Just as the economy is beginning to look up for consumers, economists warn that an impending “fiscal cliff” could threaten to derail consumers who are finally experiencing a sense of financial stability.
Beginning Jan. 1, $500 billion worth of tax provisions are set to expire, including the Bush-era tax cuts and the reduced payroll tax. Once those policies – in addition to the unemployment benefits that have assisted millions of job-seekers – come to an end, nearly 90 percent of Americans will see their taxes rise, according to the Tax Policy Center.
In fact, the Tax Policy Center estimates that the average household will be forced to pay nearly $3,500 more in 2013 than they paid in 2012.
Given these potential increases, it’s more important than ever to be proactive when it comes to handling your debt. Don’t let the state of the economy determine your financial state. The following tips will help prepare you to weather any financial storm:
- Re-evaluate your habits. If your income or expenses have changed, your spending must also. Old habits are hard to break, but your family may need to forgo some traditions like eating out on Friday night, or Sunday movies, until your financial situation changes.

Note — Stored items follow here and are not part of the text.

Lemma gap_cover_measure X Y N n c : 0 < X -> 0 < Y -> cv_admissible c ->
  (mu (gap_cover X Y N n c) <= (if cv_q c < X then 8 * X / Y * cv_len c else 0)%:E)%E.
Proof.
move=> X_gt0 Y_gt0; have C_ge0 : 0 <= 8 * X / Y by rewrite divr_ge0 ?mulr_ge0 ?ltW.
elim: n c => [|n IH] c c_adm /=.
  rewrite measure0; case: ifP => // _.
  by rewrite lee_fin mulr_ge0 // ltW // cv_len_gt0.
case: ifPn => q_lt_X; last by rewrite measure0.
have [q_ge1 /andP[q'_ge0 q'_le] _] := c_adm.
have t_ge0 : 0 <= 2 * cv_q c / Y by apply: divr_ge0; lra.
pose S := \sum_(1 <= a < N.+1)
  (if cv_q (cv_next a%:R c) < X then cv_len (cv_next a%:R c) else 0).
have S_le : S <= cv_len c - (2 * X * cv_q c)^-1 := sum_cv_len_next_lt N c_adm q_lt_X.
have ball_le : (mu (cv_ball c (2 * cv_q c / Y)) <= (4 / (Y * cv_q c))%:E)%E.
  rewrite cv_ball_measure // lee_fin (_ : 4 / _ = 2 * (2 * cv_q c / Y / cv_q c ^+ 2)).
    exact/ler_wpM2l/cv_radius_le.
  by field; apply/andP; split; apply/eqP; lra.
have children_le : (mu (\big[setU/set0]_(1 <= a < N.+1) gap_cover X Y N n (cv_next a%:R c))
    <= (8 * X / Y * S)%:E)%E.
  rewrite /S mulr_sumr; apply: le_measure_bigsetU => [a|a]; first exact: gap_cover_measurable.
  rewrite mem_index_iota => /andP[a_ge1 _]; rewrite (fun_if ( *%R _)) mulr0.
  by apply/IH/cv_next_admissible; rewrite ?ler1n.
have children_measurable :
    measurable (\big[setU/set0]_(1 <= a < N.+1) gap_cover X Y N n (cv_next a%:R c)).
  by apply: bigsetU_measurable => a _; exact: gap_cover_measurable.
apply: (@le_trans _ _ ((4 / (Y * cv_q c) + 8 * X / Y * S)%:E)).
  by apply: le_measureU2 => //; exact: measurable_closed_ball.
(* The ball costs [4 / (Y q)], which is exactly what the children save on [8 X / Y * cv_len c]. *)
rewrite lee_fin; apply: le_trans (lerD (lexx _) (ler_wpM2l C_ge0 S_le)) _.
rewrite mulrBr; have -> : 8 * X / Y * (2 * X * cv_q c)^-1 = 4 / (Y * cv_q c).
  by field; apply/and3P; split; apply/eqP; lra.
by rewrite addrC subrK.
Qed.

Lemma gap_cover_mem x X Y N j m k : irrational x -> 0 < x < 1 ->
  cf_q x j < X -> Y < cf_q x j.+1 -> 2 * X <= Y -> X <= N%:R ->
  (k <= j < k + m)%N -> gap_cover X Y N m (cf_conv x k) x.
Proof.
move=> x_irr x01 qj_lt qj1_gt XY XN; elim: m k => [|m IH] k /=.
  by rewrite addn0 => /andP[/leq_ltn_trans/[apply]]; rewrite ltnn.
move=> /andP[le_kj lt_j]; rewrite cf_conv_q (le_lt_trans (cf_q_le x_irr le_kj)) //.
have [a a_gt0 [ca conv_next]] := cf_conv_nextP x_irr k.
have qk_ge1 := cf_q_ge1 x_irr k.
have [lt_kj | ge_kj] := ltnP k j.
  right; rewrite -bigcup_seq; exists a.
    rewrite /= mem_index_iota a_gt0 ltnS -(ler_nat R) -ca /=.
    have := cf_q_ge_digit x_irr k; have := cf_q_le x_irr lt_kj.
    have := cf_digit_ge1 x_irr k; nra.
  by rewrite -conv_next; apply: IH; rewrite lt_kj addSnnS.
have <- : j = k by apply/eqP; rewrite eqn_leq le_kj ge_kj.
left; apply: cf_conv_ball => //.
have rem_gt0 : 0 < cf_rem x j.+1 by rewrite (lt_trans ltr01) ?cf_rem_gt1.
have q_gt0 : 0 < cf_q x j by rewrite (lt_le_trans ltr01) ?cf_q_ge1.
have Y_gt0 : 0 < Y by have := cf_q_ge1 x_irr j; lra.
rewrite invf_ple ?posrE ?divr_gt0 ?mulr_gt0 // invf_div ler_pdivrMr ?mulr_gt0 //.
have := cf_q_le_digit x_irr j; have := cf_digit_ge1 x_irr j.
have := cf_digit_le_rem x j.+1; nra.
Qed.

Lemma gap_cover_avoid x X Y N : irrational x -> 0 < x < 1 ->
  1 < X -> 2 * X <= Y -> X <= N%:R ->
  ~ gap_cover X Y N N.+1 cv0 x -> exists r, X <= cf_q x r <= Y.
Proof.
move=> x_irr x01 X_gt1 XY XN x_out.
have q_unbounded : exists n, X <= cf_q x n.
  have [n n_gt] := exists_nat_gt X.
  by exists n; apply: le_trans (ltW n_gt) (cf_q_ge_nat x_irr n).
have [j /andP[qj_lt X_le]] := crossing_index (u := cf_q x) X_gt1 q_unbounded.
have [Y_ge|Y_lt] := leP (cf_q x j.+1) Y; first by exists j.+1; rewrite X_le.
case: x_out; apply: (gap_cover_mem (m := N.+1) (k := 0) x_irr x01 qj_lt Y_lt) => //.
by rewrite leq0n add0n ltnS -(ler_nat R); have := cf_q_ge_nat x_irr j; lra.
Qed.

End Covers.

Section LargeGaps.
Context {R : realType}.

Definition large_gap (q q' : nat -> R) (T : R) :=
  exists k s, [/\ (0 < k)%N, between_idx q q' k s & T <= gap_ratio q q' s].

Lemma large_gap_witness (q q' : nat -> R) k s T :
  (forall r, 1 <= q r) -> (0 < k)%N -> between_idx q q' k s ->
  T <= q k / q' s -> T <= q' s.+1 / q k -> large_gap q q' T.
Proof.
move=> q_ge1 k_gt0 ks T_le T_le'; exists k, s; split => //.
have [s_gt0 /andP[_ qk_lt]] := ks.
have gaps_bounded : has_ubound [set Num.min (q r / q' s) (q' s.+1 / q r) |
    r in [set r | (1 <= r)%N /\ q' s < q r < q' s.+1]].
  exists (q' s.+1) => _ [r _ <-]; rewrite ge_min; apply/orP; right.
  have := q_ge1 r; have := q_ge1 k.
  by move=> ? ?; rewrite ler_pdivrMr ?ler_peMr //; lra.
apply: le_trans (ub_le_sup gaps_bounded (x := Num.min (q k / q' s) (q' s.+1 / q k)) _).
  by rewrite le_min T_le.
by exists k; rewrite //= ks.2.
Qed.

Lemma large_gap_le (q q' : nat -> R) T T' : T <= T' -> large_gap q q' T' -> large_gap q q' T.
Proof.
by move=> le_T [k [s [k_gt0 ks T'_le]]]; exists k, s; split => //; exact: le_trans T'_le.
Qed.

Lemma large_gaps_diverge (q q' : nat -> R) : (forall T, large_gap q q' T) ->
  exists n sigma, [/\ forall j, (0 < n j)%N, forall j, between_idx q q' (n j) (sigma j) &
                      (fun j => gap_ratio q q' (sigma j)) @ \oo --> +oo].
Proof.
move=> gaps; have /choice[ks ksP] : forall j : nat, exists ks : nat * nat,
    [/\ (0 < ks.1)%N, between_idx q q' ks.1 ks.2 & j%:R <= gap_ratio q q' ks.2].
  by move=> j; have [k [s ?]] := gaps j%:R; exists (k, s).
exists (fun j => (ks j).1), (fun j => (ks j).2); split; [by move=> j; case: (ksP j)..|].
apply/cvgryPge => A; near=> j; apply: le_trans (_ : j%:R <= _); last by case: (ksP j).
by near: j; exact: nbhs_infty_ger.
Unshelve. all: by end_near.
Qed.

End LargeGaps.

Section AlmostEverywhere.
Context {R : realType}.
Local Notation mu := (@lebesgue_measure R).
Implicit Types (x alpha beta : R).

Definition cf_digits_unbounded x := forall v : R, exists n, (0 < n)%N /\ v <= cf_digit x n.+1.

Lemma cf_digits_unbounded_lt x :
  (forall K : R, exists n, K < cf_digit x n.+1) -> cf_digits_unbounded x.
Proof.
move=> digit_gt v; have [[|n] c_gt] := digit_gt (Num.max v (cf_digit x 1)).
  by move: c_gt; rewrite gt_max ltxx andbF.
by exists n.+1; split => //; move: c_gt; rewrite gt_max => /andP[/ltW].
Qed.

Lemma ae_cf_digits_unbounded : exists Z : set R, mu.-negligible Z /\
  forall x, irrational x -> 0 < x < 1 -> ~ Z x -> cf_digits_unbounded x.
Proof.
exists (\bigcup_L \bigcap_n digits_le_cover L n cv0); split.
  apply: negligible_bigcup => L; exists (\bigcap_n digits_le_cover L n cv0).
  split; [|exact: digits_le_cover_null|by []].
  by apply: bigcapT_measurable => n; exact: digits_le_cover_measurable.
move=> x x_irr x01 x_out; apply: cf_digits_unbounded_lt => K.
apply: contrapT => digits_le; have [L K_lt] := exists_nat_gt K.
apply: x_out; exists L => // n _; apply: (digits_le_cover_mem (k := 0)) => // -[//|i] _.
apply: ltW; rewrite ltNge; apply/negP => L_le; apply: digits_le; exists i.
exact: lt_le_trans K_lt L_le.
Qed.

Lemma large_gaps_bounded_unbounded alpha beta K :
  irrational alpha -> irrational beta ->
  (forall n, cf_digit alpha n.+1 <= K) -> cf_digits_unbounded beta ->
  forall T, large_gap (cf_q alpha) (cf_q beta) T.
Proof.
move=> a_irr b_irr digit_le b_unb T; wlog T_ge2 : T / 2 <= T.
  move=> gap; apply: (large_gap_le (T' := Num.max T 2)); first by rewrite le_max lexx.
  by apply: gap; rewrite le_max lexx orbT.
have K_ge1 : 1 <= K := le_trans (cf_digit_ge1 a_irr 0) (digit_le 0%N).
have [i [i_gt0 c_ge]] := b_unb ((K + 1) * T ^+ 2).
pose A := cf_q beta i; pose B := cf_q beta i.+1.
have A_ge1 : 1 <= A := cf_q_ge1 b_irr i.
have B_ge : (K + 1) * T ^+ 2 * A <= B.
  apply: le_trans (cf_q_ge_digit b_irr i); apply: ler_wpM2r; lra.
have q_unbounded : exists n, A * T <= cf_q alpha n.
  have [n n_gt] := exists_nat_gt (A * T).
  by exists n; apply: le_trans (ltW n_gt) (cf_q_ge_nat a_irr n).
(* [q_(k+1)] is the first denominator of alpha reaching [A T]; as the partial quotients of
   alpha are at most [K], it stays below [(K + 1) A T <= B / T]. *)
have [|k /andP[qk_lt qk1_ge]] := crossing_index (u := cf_q alpha) _ q_unbounded.
  by rewrite (_ : cf_q alpha 0 = 1) //; nra.
have qk1_lt : cf_q alpha k.+1 < (K + 1) * (A * T).
  apply: le_lt_trans (cf_q_le_digit a_irr k) _.
  have := digit_le k; have := cf_q_ge1 a_irr k; nra.
have AT_gt : A < A * T by nra.
have B_ge' : T * ((K + 1) * (A * T)) <= B.
  by rewrite (_ : T * _ = (K + 1) * T ^+ 2 * A) //; ring.
have q_gt0 : 0 < cf_q alpha k.+1 by lra.
apply: (large_gap_witness (k := k.+1) (s := i) (cf_q_ge1 a_irr)) => //.
- split => //; apply/andP; split; nra.
- by rewrite ler_pdivlMr; nra.
by rewrite ler_pdivlMr //; nra.
Qed.

Lemma large_gap_window alpha beta m r (t : R) : irrational alpha -> irrational beta ->
  (0 < m)%N -> 2 <= t -> t * cf_q alpha m <= cf_q beta r <= cf_q alpha m.+1 / t ->
  large_gap (cf_q beta) (cf_q alpha) t.
Proof.
move=> a_irr b_irr m_gt0 t_ge2 /andP[X_le le_Y].
have q_ge1 := cf_q_ge1 a_irr m; have q1_ge1 := cf_q_ge1 a_irr m.+1.
have qr_gt0 : 0 < cf_q beta r := lt_le_trans ltr01 (cf_q_ge1 b_irr r).
apply: (large_gap_witness (k := r) (s := m) (cf_q_ge1 b_irr)).
- by case: r X_le {le_Y qr_gt0} => // X_le; move: X_le; rewrite (_ : cf_q beta 0 = 1) //; nra.
- split => //; apply/andP; split; first by nra.
  by apply: le_lt_trans le_Y _; rewrite ltr_pdivrMr; nra.
- by rewrite ler_pdivlMr; nra.
- by rewrite ler_pdivlMr // mulrC -ler_pdivlMr //; lra.
Qed.

Lemma gap_window_bounds (t j Q Q1 : R) : 2 <= t -> 1 <= j -> 1 <= Q ->
  8 * t ^+ 2 * j * Q <= Q1 ->
  [/\ 1 < t * Q, 2 * (t * Q) <= Q1 / t & 8 * (t * Q) / (Q1 / t) <= j^-1].
Proof.
move=> t_ge2 j_ge1 Q_ge1; rewrite expr2 => Q1_ge.
have ttQ_ge1 : 1 <= t * t * Q by nra.
have Q1_gt0 : 0 < Q1 by nra.
split; first by nra.
  by rewrite ler_pdivlMr; nra.
have -> : 8 * (t * Q) / (Q1 / t) = 8 * t * t * Q / Q1.
  by field; apply/andP; split; apply/eqP; lra.
by rewrite ler_pdivrMr // mulrC ler_pdivlMl; nra.
Qed.

Lemma ae_large_gaps_unbounded alpha : irrational alpha -> cf_digits_unbounded alpha ->
  exists Z : set R, mu.-negligible Z /\
  forall beta, irrational beta -> 0 < beta < 1 -> ~ Z beta ->
  forall T, large_gap (cf_q beta) (cf_q alpha) T.
Proof.
move=> a_irr a_unb; pose t (i : nat) : R := i.+2%:R.
have /choice[m mP] : forall i, exists m,
    (0 < m)%N /\ 8 * t i ^+ 2 * i.+1%:R <= cf_digit alpha m.+1 by move=> i; exact: a_unb.
pose X i := t i * cf_q alpha (m i); pose Y i := cf_q alpha (m i).+1 / t i.
have XY i : [/\ 1 < X i, 2 * X i <= Y i & 8 * X i / Y i <= harmonic i].
  have [_ c_ge] := mP i; have q_ge1 := cf_q_ge1 a_irr (m i).
  apply: gap_window_bounds; rewrite ?ler_nat ?ler1n //.
  exact: le_trans (ler_wpM2r (le_trans ler01 q_ge1) c_ge) (cf_q_ge_digit a_irr (m i)).
have /choice[N NP] : forall i, exists N : nat, X i < N%:R by move=> i; exact: exists_nat_gt.
pose B i := gap_cover (X i) (Y i) (N i) (N i).+1 cv0.
exists (\bigcup_j \bigcap_i B (i + j)%N); split.
  apply: (negligible_liminf (u := harmonic)) => [i | | i]; first exact: gap_cover_measurable.
    exact: cvg_harmonic.
  have [X_gt1 XY_le XY_harm] := XY i; have X_gt0 : 0 < X i by lra.
  have Y_gt0 : 0 < Y i by lra.
  apply: le_trans (gap_cover_measure (N i) (N i).+1 X_gt0 Y_gt0 cv0_admissible) _.
  by rewrite /= X_gt1 /cv_len /= addr0 mulr1 invr1 mulr1 lee_fin.
move=> beta b_irr b01 b_out T.
have [j T_lt] := exists_nat_gt T.
have [i b_out_i] : exists i, ~ B (i + j)%N beta.
  apply: contrapT => b_in; apply: b_out; exists j => // i _.
  by apply: contrapT => b_out_i; apply: b_in; exists i.
have [X_gt1 XY_le _] := XY (i + j)%N.
have [r X_qr_Y] := gap_cover_avoid b_irr b01 X_gt1 XY_le (ltW (NP _)) b_out_i.
apply: (large_gap_le (T' := t (i + j)%N)).
  by apply: ltW (lt_le_trans T_lt _); rewrite ler_nat !leqW // leq_addl.
by apply: (large_gap_window a_irr b_irr (mP _).1 _ X_qr_Y); rewrite ler_nat.
Qed.

Lemma ae_large_gaps alpha : irrational alpha ->
  exists Z : set R, mu.-negligible Z /\
  forall beta, irrational beta -> 0 < beta < 1 -> ~ Z beta ->
    (forall T, large_gap (cf_q alpha) (cf_q beta) T) \/
    (forall T, large_gap (cf_q beta) (cf_q alpha) T).
Proof.
move=> a_irr; have [[K digit_le]|digits_unb] :=
  pselect (exists K : R, forall n, cf_digit alpha n.+1 <= K).
- have [Z [Z_null Z_unb]] := ae_cf_digits_unbounded.
  exists Z; split => // beta b_irr b01 b_out; left.
  exact: large_gaps_bounded_unbounded digit_le (Z_unb _ b_irr b01 b_out).
- have a_unb : cf_digits_unbounded alpha.
    apply: cf_digits_unbounded_lt => K; apply: contrapT => digit_le; apply: digits_unb.
    by exists K => n; rewrite leNgt; apply/negP => K_lt; apply: digit_le; exists n.
  have [Z [Z_null Z_gaps]] := ae_large_gaps_unbounded a_irr a_unb.
  by exists Z; split => // beta b_irr b01 b_out; right; exact: Z_gaps.
Qed.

- Small changes count. Even small changes will have an impact, and more importantly, will set the stage for changing your habits. Your family will be stronger financially in the long run, and once you get on the right track, you can begin saving for something great (like a vacation, or new car, etc.).
- Be a smart shopper. Always shop with a list and take cash so that you can’t overspend. Use coupons only if you planned to purchase the item anyway.
- Pay your bills on time. Late fees and over-the-limit charges can quickly add up to a debt problem. Additionally, many creditors have raised their rates and have even closed accounts as penalties for late payments. Refer to these tips to help you pay your bills on time.
- Deal with big issues. If you have large, looming financial issues, such as unpaid debt or tax liens, it is time to deal with them head-on. Contact your creditors and make acceptable repayment arrangements. Implementing a plan to remove these stresses from your life will be good for your mental and financial health.
- Expect the unexpected. Strive to establish an emergency savings account equal to at least three months of your income. If this goal seems too lofty, try having a small amount automatically deducted from your paycheck into a savings account. As they say, out of sight, out of mind – you won’t spend it if it’s not in your checking account.
- Perform a credit check-up. A positive credit report means better loan terms and more borrowing power — two of the most powerful tools you can have. Experts recommend that you review your credit reports annually and before making any major purchase.